Instructions for the task: In the following listing, find the lines containing "fieldType" and report them.

Records to use:

(* Let $I$ be a finite tree and let $\Sigma$ be a morphism of $R_0(I)$ from an orientation $\Gamma$ to itself which is not the identity. Then every reduced expression for $\Sigma$ contains $\Sigma_i$ for every vertex $i\in I$.
   Context: Let $I$ be a finite tree. $\mathrm{Quiv}(I)$ is the set of orientations of $I$. For $\Gamma\in\mathrm{Quiv}(I)$ and a source or sink $i$ of $\Gamma$, $s_i\Gamma$ is the orientation obtained by reversing all arrows at $i$. The groupoid $R_0(I)$ has object set $\mathrm{Quiv}(I)$ and is generated by elementary isomorphisms $\Sigma_i:\Gamma\to s_i\Gamma$ (for each $\Gamma$ and each source or sink $i$ of $\Gamma$) subject to the relations, whenever both sides are defined: (R1) $\Sigma_i^2=1$; (R2) $\Sigma_i\Sigma_j=\Sigma_j\Sigma_i$ when $i,j$ are not adjacent. An expression for a morphism $\Sigma$ is a composable word $\Sigma_{i_1}\cdots\Sigma_{i_r}$ equal to $\Sigma$; $\ell(\Sigma)$ is the minimal length of an expression, and an expression of length $\ell(\Sigma)$ is called reduced. *)

From mathcomp Require Import all_boot.
From Stdlib Require Import Relations.Relation_Operators.
Set Implicit Arguments. Unset Strict Implicit. Unset Printing Implicit Defensive.

Section Defs.
Variable T : finType.

Definition is_tree (adj : rel T) : Prop :=
  [/\ 0 < #|T|,
      symmetric adj,
      irreflexive adj,
      (forall i j : T, connect adj i j) &
      (forall (x : T) (p : seq T), uniq (x :: p) -> 2 <= size p ->
          path adj x p -> ~~ adj (last x p) x)].
Section RootOfUnity.
Variables (k : fieldType) (l : nat) (q : k).
Hypotheses (l_gt1 : (1 < l)%N) (q_prim : (2 * l)%N.-primitive_root q).

Lemma prim_root_neq0 : q != 0.
Proof.
apply/eqP => q0; have := prim_expr_order q_prim; rewrite q0 expr0n muln_eq0 /=.
by rewrite gtn_eqF ?(ltn_trans _ l_gt1) // => /eqP; rewrite eq_sym oner_eq0.
Qed.

Lemma prim_root_sub_inv_neq0 : q - q^-1 != 0.
Proof.
by rewrite subr_inv_neq0 ?prim_root_neq0 // -(prim_order_dvd q_prim) gtnNdvd //; lia.
Qed.

Lemma qint_at_neq0 (m : nat) : ~~ (l %| m)%N -> qint_at q m != 0.
Proof.
move=> l_ndvd_m; rewrite mulf_neq0 ?invr_eq0 ?prim_root_sub_inv_neq0 //.
rewrite expz_subr_opp_neq0 ?prim_root_neq0 // -(prim_order_dvd q_prim).
by rewrite [(2 * l)%N]mulnC dvdn_pmul2r.
Qed.

Lemma qwint_at_neq0 (Q : k) (x : int) : nonintegral q Q -> qwint_at q Q x != 0.
Proof.
move=> [Q_neq0 Q_notpow]; have q_neq0 := prim_root_neq0.
rewrite mulf_neq0 ?invr_eq0 ?prim_root_sub_inv_neq0 //.
have -> : Q^-1 * q ^ (- x) = (Q * q ^ x)^-1 by rewrite invfM -invr_expz mulrC.
have Q_eq : Q = (Q * q ^ x) * q ^ (- x) by rewrite -invr_expz mulfK ?expfz_neq0.
rewrite subr_inv_neq0 ?mulf_neq0 ?expfz_neq0 // sqrf_eq1.
case: (Q_notpow (- x)) => Q_ne Q_neN; apply/norP; split.
  by apply: contra Q_ne => /eqP e; rewrite {1}Q_eq e mul1r.
by apply: contra Q_neN => /eqP e; rewrite {1}Q_eq e mulN1r.
Qed.

End RootOfUnity.

Section RationalQuantumInteger.
Variable k : fieldType.

Lemma qv_neq0 : qv k != 0.
Proof.
rewrite /qv /var tofrac_eq0; apply/eqP => /(congr1 (meval (fun _ => 1 : k))).
by rewrite rmorph0 mevalXU => /eqP; rewrite oner_eq0.
Qed.

Lemma qv_expn_neq1 (j : nat) : (0 < j)%N -> qv k ^+ j != 1.
Proof.
move=> j_gt0; rewrite /qv /var -tofracXn -tofrac1 tofrac_eq.
apply/eqP => /(congr1 (meval (fun _ => 0 : k))).
rewrite rmorphXn rmorph1 /= mevalXU expr0n gtn_eqF //= => /eqP.
by rewrite eq_sym oner_eq0.
Qed.

Lemma qint_neq0 (m : nat) : (0 < m)%N -> qint k m != 0.
Proof.
move=> m_gt0; apply: mulf_neq0.
  apply: (@expz_subr_opp_neq0 (ratfun k)); first exact: qv_neq0.
  by rewrite qv_expn_neq1 // muln_gt0 m_gt0.
apply: invr_neq0; apply: (@subr_inv_neq0 (ratfun k)); first exact: qv_neq0.
exact: qv_expn_neq1.
Qed.

Lemma qfactS (j : nat) : qfact k j.+1 = qfact k j * qint k j.+1.
Proof. by rewrite /qfact big_ord_recr. Qed.

End RationalQuantumInteger.

Definition hook_weight (k : fieldType) (n l : nat) (g : line) : ratfun k :=
  let a := la g in let b := (lc g - a - 1)./2 in
  match lk g with
  | Undec => 1
  | Propag => if ((a - 1) %% (4 * l) < 2 * l)%N then 1 else -1
  | LBlob => qwint (Q1v k) (- ((a - 1)./2)%:Z)
  | RBlob => qwint (Q2v k) (- ((n - (a + 2 * b + 1))./2)%:Z)
  end.

Lemma h3_lineE (k : fieldType) (n l : nat) (g : line) :
  h3_line k n l g =
  (if is_prop g then 1 else qint k (hook_length n g)) * hook_weight k n l g.
Proof. by case: g => a c []; rewrite /h3_line /hook_weight /= ?mulr1 ?mul1r. Qed.

Section HookFactors.
Variables (k : fieldType) (n l : nat) (q Q1 Q2 : k).
Hypotheses (l_gt1 : (1 < l)%N) (q_prim : (2 * l)%N.-primitive_root q).
Hypotheses (Q1_nonint : nonintegral q Q1) (Q2_nonint : nonintegral q Q2).
Local Notation p := (point q Q1 Q2).
Local Notation "f ~> x" := (specializes_to f p x) (at level 70).

Let q_neq0 : q != 0 := prim_root_neq0 l_gt1 q_prim.
Let q_sub_inv_neq0 : q - q^-1 != 0 := prim_root_sub_inv_neq0 l_gt1 q_prim.

Lemma specializes_point_var (i : 'I_3) : var k i ~> nth 0 [:: q; Q1; Q2] i.
Proof. by have := specializes_var p i; rewrite inord_val. Qed.

Lemma specializes_qint (x : int) : qint k x ~> qint_at q x.
Proof.
have qv_q : qv k ~> q := specializes_point_var ord0.
apply: specializes_div; last exact: q_sub_inv_neq0.
  by apply: specializesB; apply: specializesXz.
by apply: specializesB; last apply: specializesV.
Qed.

Lemma specializes_qwint (Qv : ratfun k) (Q : k) (x : int) :
  Qv ~> Q -> Q != 0 -> qwint Qv x ~> qwint_at q Q x.
Proof.
move=> Qv_Q Q_neq0; have qv_q : qv k ~> q := specializes_point_var ord0.
apply: specializes_div; last exact: q_sub_inv_neq0.
  by apply: specializesB; apply: specializesM;
    first [exact: specializesV | exact: specializesXz | done].
by apply: specializesB; last apply: specializesV.
Qed.

Lemma invertible_qint (m : nat) : ~~ (l %| m)%N -> invertible_at p (qint k m).
Proof.
move=> l_ndvd_m; exists (qint_at q m); first exact: specializes_qint.
exact: qint_at_neq0 l_gt1 q_prim _ l_ndvd_m.
Qed.

Lemma invertible_qwint (Qv : ratfun k) (Q : k) (x : int) :
  Qv ~> Q -> nonintegral q Q -> invertible_at p (qwint Qv x).
Proof.
move=> Qv_Q Q_nonint; exists (qwint_at q Q x).
  by apply: specializes_qwint => //; case: Q_nonint.
exact: qwint_at_neq0 l_gt1 q_prim _ _ Q_nonint.
Qed.

Lemma invertible_qwfall (Qv : ratfun k) (Q : k) (j : nat) :
  Qv ~> Q -> nonintegral q Q -> invertible_at p (qwfall Qv j).
Proof.
by move=> Qv_Q Q_nonint; apply: invertible_at_prod => i _; exact: invertible_qwint Qv_Q Q_nonint.
Qed.

Lemma invertible_qfact (j : nat) : (j < l)%N -> invertible_at p (qfact k j).
Proof.
move=> j_lt_l; apply: invertible_at_prod => i _; apply: invertible_qint.
by rewrite gtnNdvd // (leq_ltn_trans _ j_lt_l).
Qed.

Lemma invertible_hook_weight (g : line) : invertible_at p (hook_weight k n l g).
Proof.
rewrite /hook_weight; case: (lk g); try exact: invertible_at1.
- exact: invertible_qwint (specializes_point_var 1) Q1_nonint.
- exact: invertible_qwint (specializes_point_var 2) Q2_nonint.
case: ifP => _; first exact: invertible_at1.
exists (-1); last by rewrite oppr_eq0 oner_neq0.
by apply: specializesN; apply: specializes1.
Qed.

Lemma invertible_h3_line (g : line) :
  (is_arc g -> ~~ (l %| hook_length n g)%N) -> invertible_at p (h3_line k n l g).
Proof.
move=> arc_ndvd; rewrite h3_lineE; apply: invertible_atM (invertible_hook_weight g).
case: ifP => [_ | /negbT /arc_ndvd]; [exact: invertible_at1 | exact: invertible_qint].
Qed.

Hypothesis n_gt : (2 * l < n)%N.
Variables (D : seq line).
Hypothesis D_half : half_diagram n l D.

Lemma invertible_h3_line_noncritical g : g \in D -> ~~ critical n l g ->
  invertible_at p (h3_line k n l g).
Proof.
move=> gD g_noncrit; apply: invertible_h3_line => // ag.
have /andP [hook_gt0 hook_le] := hook_length_le D_half gD ag.
rewrite gtnNdvd // ltn_neqAle hook_le andbT.
by move: g_noncrit; rewrite /critical ag.
Qed.

Let l_gt0 : (0 < l)%N := ltnW l_gt1.

Let reduced_numerator : ratfun k := qfact k l.-1 * qwfall (Q1v k) l * qwfall (Q2v k) l.

Lemma invertible_reduced_numerator : invertible_at p reduced_numerator.
Proof.
apply: invertible_atM; last exact: invertible_qwfall (specializes_point_var 2) Q2_nonint.
apply: invertible_atM; last exact: invertible_qwfall (specializes_point_var 1) Q1_nonint.
by apply: invertible_qfact; rewrite prednK.
Qed.

Lemma h3_numeratorE :
  qfact k l * qwfall (Q1v k) l * qwfall (Q2v k) l = reduced_numerator * qint k l.
Proof.
have l_eq : l = l.-1.+1 by rewrite prednK.
by rewrite [in LHS]l_eq qfactS -l_eq !(mulrAC _ (qint k l)).
Qed.

Lemma invertible_h3_critical : has (critical n l) D -> invertible_at p (h3 k n l D).
Proof.
move=> /hasP [g gD /[dup] g_crit /andP [ag /eqP hook_l]].
set rest := \prod_(h <- rem g D) h3_line k n l h.
have rest_inv : invertible_at p rest.
  rewrite /rest big_seq_cond; apply: invertible_at_prod => h /andP [hr _].
  apply: invertible_h3_line_noncritical; first exact: mem_rem hr.
  by apply: contra (critical_unique D_half n_gt gD g_crit) => h_crit; apply/hasP; exists h.
have -> : h3 k n l D =
    reduced_numerator * qint k l / (qint k l * (hook_weight k n l g * rest)).
  rewrite /h3 h3_numeratorE (perm_big _ (perm_to_rem gD)) big_cons h3_lineE.
  by rewrite (negbTE ag) hook_l mulrA.
rewrite invfM mulrA (@mulfK (ratfun k)) ?qint_neq0 //.
apply: invertible_atM; first exact: invertible_reduced_numerator.
by apply: invertible_atV; apply: invertible_atM rest_inv; apply: invertible_hook_weight.
Qed.

Lemma defined_h3 : defined_at p (h3 k n l D).
Proof.
have [crit | no_crit] := boolP (has (critical n l) D).
  by have [x hx _] := invertible_h3_critical crit; exists x.
apply: defined_at_div.
  rewrite h3_numeratorE; have [x hx _] := invertible_reduced_numerator.
  by apply: defined_atM; [exists x | exists (qint_at q l); apply: specializes_qint].
rewrite big_seq_cond; apply: invertible_at_prod => g /andP [gD _].
by apply: invertible_h3_line_noncritical => //; apply: (hasPn no_crit).
Qed.

End HookFactors.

Task answer:
Variables (k : fieldType) (l : nat) (q : k).
Variable k : fieldType.
Definition hook_weight (k : fieldType) (n l : nat) (g : line) : ratfun k :=
Lemma h3_lineE (k : fieldType) (n l : nat) (g : line) :
Variables (k : fieldType) (n l : nat) (q Q1 Q2 : k).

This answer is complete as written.